[Start of Attachment]
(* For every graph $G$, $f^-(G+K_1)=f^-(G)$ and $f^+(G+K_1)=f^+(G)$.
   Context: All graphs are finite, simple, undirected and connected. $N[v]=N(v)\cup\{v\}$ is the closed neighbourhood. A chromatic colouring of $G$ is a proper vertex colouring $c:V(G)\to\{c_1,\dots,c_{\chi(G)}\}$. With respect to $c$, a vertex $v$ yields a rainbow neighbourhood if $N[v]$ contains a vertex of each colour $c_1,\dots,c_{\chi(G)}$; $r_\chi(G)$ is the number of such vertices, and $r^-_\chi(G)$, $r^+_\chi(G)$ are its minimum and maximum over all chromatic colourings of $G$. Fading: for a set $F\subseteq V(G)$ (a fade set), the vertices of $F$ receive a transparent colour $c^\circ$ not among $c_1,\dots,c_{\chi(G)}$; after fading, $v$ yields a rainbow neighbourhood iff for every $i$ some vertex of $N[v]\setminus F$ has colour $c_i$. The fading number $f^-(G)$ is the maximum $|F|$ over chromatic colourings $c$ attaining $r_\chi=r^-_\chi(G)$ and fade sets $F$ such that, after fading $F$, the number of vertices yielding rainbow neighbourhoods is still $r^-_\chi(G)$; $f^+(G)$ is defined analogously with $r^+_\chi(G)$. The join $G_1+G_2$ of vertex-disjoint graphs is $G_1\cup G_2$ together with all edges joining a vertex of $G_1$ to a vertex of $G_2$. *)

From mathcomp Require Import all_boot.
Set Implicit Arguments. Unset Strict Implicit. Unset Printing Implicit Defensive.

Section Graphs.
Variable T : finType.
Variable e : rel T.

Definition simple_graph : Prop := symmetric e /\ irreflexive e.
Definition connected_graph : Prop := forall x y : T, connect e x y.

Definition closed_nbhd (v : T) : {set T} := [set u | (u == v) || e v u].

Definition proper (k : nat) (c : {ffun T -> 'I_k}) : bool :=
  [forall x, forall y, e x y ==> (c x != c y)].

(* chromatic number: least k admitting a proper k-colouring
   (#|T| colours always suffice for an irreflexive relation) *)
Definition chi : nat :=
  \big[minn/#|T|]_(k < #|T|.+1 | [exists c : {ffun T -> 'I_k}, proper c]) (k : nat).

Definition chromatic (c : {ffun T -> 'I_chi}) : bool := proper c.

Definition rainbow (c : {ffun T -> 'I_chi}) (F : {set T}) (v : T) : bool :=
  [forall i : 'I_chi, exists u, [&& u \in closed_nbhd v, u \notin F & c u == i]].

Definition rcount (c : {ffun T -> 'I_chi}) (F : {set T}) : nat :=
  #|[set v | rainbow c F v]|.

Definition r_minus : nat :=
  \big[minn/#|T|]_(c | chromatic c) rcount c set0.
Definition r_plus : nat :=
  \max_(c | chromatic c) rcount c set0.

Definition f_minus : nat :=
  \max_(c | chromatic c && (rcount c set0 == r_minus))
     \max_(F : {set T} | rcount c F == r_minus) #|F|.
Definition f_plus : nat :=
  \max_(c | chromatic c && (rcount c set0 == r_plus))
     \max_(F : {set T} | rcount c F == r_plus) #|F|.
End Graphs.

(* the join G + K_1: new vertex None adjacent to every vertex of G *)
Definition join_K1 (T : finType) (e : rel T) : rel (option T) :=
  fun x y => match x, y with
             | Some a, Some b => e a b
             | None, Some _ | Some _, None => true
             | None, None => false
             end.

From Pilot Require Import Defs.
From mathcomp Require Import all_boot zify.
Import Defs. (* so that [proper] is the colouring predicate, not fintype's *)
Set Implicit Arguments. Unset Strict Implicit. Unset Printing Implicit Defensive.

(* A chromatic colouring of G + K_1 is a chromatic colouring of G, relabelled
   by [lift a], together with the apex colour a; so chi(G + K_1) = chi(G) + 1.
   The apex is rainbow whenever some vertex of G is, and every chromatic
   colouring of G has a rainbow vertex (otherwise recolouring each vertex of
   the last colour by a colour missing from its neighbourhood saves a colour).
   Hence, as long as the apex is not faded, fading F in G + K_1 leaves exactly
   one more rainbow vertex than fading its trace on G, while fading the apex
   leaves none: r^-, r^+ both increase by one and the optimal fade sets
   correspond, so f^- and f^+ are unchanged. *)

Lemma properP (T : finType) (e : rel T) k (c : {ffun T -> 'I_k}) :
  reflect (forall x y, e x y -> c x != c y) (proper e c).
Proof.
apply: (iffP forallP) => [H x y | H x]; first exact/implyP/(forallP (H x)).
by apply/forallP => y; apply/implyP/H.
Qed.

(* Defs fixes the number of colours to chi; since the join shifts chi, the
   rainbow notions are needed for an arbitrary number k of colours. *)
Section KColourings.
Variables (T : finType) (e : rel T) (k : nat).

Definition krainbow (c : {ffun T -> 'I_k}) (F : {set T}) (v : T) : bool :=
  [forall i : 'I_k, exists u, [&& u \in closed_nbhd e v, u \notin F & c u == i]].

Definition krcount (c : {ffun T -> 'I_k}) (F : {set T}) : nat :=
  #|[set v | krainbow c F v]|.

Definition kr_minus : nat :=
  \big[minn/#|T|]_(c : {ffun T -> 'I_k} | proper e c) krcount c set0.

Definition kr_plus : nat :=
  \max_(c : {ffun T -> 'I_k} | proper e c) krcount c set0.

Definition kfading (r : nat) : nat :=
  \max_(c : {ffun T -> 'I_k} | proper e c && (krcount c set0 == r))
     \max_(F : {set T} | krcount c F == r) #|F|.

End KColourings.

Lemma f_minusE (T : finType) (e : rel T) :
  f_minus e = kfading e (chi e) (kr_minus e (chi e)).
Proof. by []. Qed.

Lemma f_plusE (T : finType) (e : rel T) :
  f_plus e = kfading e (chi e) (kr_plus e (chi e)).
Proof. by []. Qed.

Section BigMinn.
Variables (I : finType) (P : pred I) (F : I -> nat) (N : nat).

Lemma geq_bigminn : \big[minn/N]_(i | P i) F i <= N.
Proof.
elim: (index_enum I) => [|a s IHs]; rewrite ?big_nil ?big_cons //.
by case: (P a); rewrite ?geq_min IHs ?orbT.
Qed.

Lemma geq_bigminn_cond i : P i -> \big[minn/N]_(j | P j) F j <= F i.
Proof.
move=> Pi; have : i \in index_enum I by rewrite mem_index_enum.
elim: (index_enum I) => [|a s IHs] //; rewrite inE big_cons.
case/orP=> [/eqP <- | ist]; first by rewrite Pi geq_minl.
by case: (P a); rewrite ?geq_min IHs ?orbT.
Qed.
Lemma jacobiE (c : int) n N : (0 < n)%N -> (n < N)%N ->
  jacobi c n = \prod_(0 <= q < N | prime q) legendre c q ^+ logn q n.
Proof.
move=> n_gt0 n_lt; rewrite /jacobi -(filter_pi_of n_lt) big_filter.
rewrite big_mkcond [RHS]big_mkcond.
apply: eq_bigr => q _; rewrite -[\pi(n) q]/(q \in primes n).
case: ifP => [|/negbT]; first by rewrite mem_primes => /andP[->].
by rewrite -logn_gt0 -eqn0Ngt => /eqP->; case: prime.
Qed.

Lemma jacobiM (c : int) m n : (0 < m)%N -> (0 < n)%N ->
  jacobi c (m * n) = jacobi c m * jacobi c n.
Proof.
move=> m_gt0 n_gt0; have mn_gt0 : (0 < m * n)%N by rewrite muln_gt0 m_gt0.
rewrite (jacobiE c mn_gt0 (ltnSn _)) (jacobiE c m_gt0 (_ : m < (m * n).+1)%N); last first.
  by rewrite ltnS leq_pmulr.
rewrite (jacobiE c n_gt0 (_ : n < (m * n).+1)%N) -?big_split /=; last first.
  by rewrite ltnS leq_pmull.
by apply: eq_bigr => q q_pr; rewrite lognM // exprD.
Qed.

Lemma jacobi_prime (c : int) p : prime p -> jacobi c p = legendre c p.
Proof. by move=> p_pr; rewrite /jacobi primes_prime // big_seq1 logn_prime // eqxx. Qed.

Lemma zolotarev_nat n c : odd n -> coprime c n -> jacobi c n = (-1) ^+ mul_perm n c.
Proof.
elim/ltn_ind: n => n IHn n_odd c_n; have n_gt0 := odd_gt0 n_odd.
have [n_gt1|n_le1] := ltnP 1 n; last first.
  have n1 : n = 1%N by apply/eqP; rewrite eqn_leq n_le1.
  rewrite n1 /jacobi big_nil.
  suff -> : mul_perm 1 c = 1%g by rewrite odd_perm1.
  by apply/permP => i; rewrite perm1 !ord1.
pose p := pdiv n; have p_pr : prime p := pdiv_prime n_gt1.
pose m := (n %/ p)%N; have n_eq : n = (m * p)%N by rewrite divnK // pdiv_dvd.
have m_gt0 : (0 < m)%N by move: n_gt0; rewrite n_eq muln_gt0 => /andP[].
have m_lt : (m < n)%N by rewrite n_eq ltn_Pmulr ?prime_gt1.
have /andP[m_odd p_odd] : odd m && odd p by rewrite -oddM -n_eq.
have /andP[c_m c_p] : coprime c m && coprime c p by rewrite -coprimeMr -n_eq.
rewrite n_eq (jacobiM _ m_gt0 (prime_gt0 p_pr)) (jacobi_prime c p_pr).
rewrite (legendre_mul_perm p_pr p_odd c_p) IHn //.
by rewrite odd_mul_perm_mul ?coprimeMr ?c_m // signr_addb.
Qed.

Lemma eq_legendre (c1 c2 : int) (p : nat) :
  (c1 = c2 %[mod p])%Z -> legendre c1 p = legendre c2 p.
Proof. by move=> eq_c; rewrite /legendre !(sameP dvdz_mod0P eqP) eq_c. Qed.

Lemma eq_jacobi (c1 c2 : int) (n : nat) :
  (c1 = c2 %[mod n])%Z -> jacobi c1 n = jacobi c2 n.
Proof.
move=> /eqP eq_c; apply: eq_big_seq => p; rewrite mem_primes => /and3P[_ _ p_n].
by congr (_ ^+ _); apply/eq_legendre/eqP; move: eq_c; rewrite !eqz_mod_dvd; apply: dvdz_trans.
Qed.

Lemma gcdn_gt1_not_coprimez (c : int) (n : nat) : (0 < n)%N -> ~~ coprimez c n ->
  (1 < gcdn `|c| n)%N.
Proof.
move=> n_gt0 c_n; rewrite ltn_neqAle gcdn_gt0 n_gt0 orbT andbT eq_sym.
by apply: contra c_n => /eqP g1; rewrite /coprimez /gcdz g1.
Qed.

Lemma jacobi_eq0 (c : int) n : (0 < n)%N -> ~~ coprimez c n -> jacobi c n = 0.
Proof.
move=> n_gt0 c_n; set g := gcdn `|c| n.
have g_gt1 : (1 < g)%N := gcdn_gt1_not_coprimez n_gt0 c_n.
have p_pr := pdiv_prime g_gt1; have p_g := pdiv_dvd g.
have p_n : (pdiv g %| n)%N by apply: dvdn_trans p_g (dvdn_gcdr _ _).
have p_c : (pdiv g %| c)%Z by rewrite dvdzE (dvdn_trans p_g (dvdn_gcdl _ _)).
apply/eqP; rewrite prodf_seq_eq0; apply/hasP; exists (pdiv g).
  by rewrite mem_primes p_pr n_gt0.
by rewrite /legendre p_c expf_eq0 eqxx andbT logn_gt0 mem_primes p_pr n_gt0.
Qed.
[End of Attachment]
AIM OF THE EXERCISE
Look for the word "forallP" throughout the material above and copy every line that has it.

YOUR RESPONSE
apply: (iffP forallP) => [H x y | H x]; first exact/implyP/(forallP (H x)).
by apply/forallP => y; apply/implyP/H.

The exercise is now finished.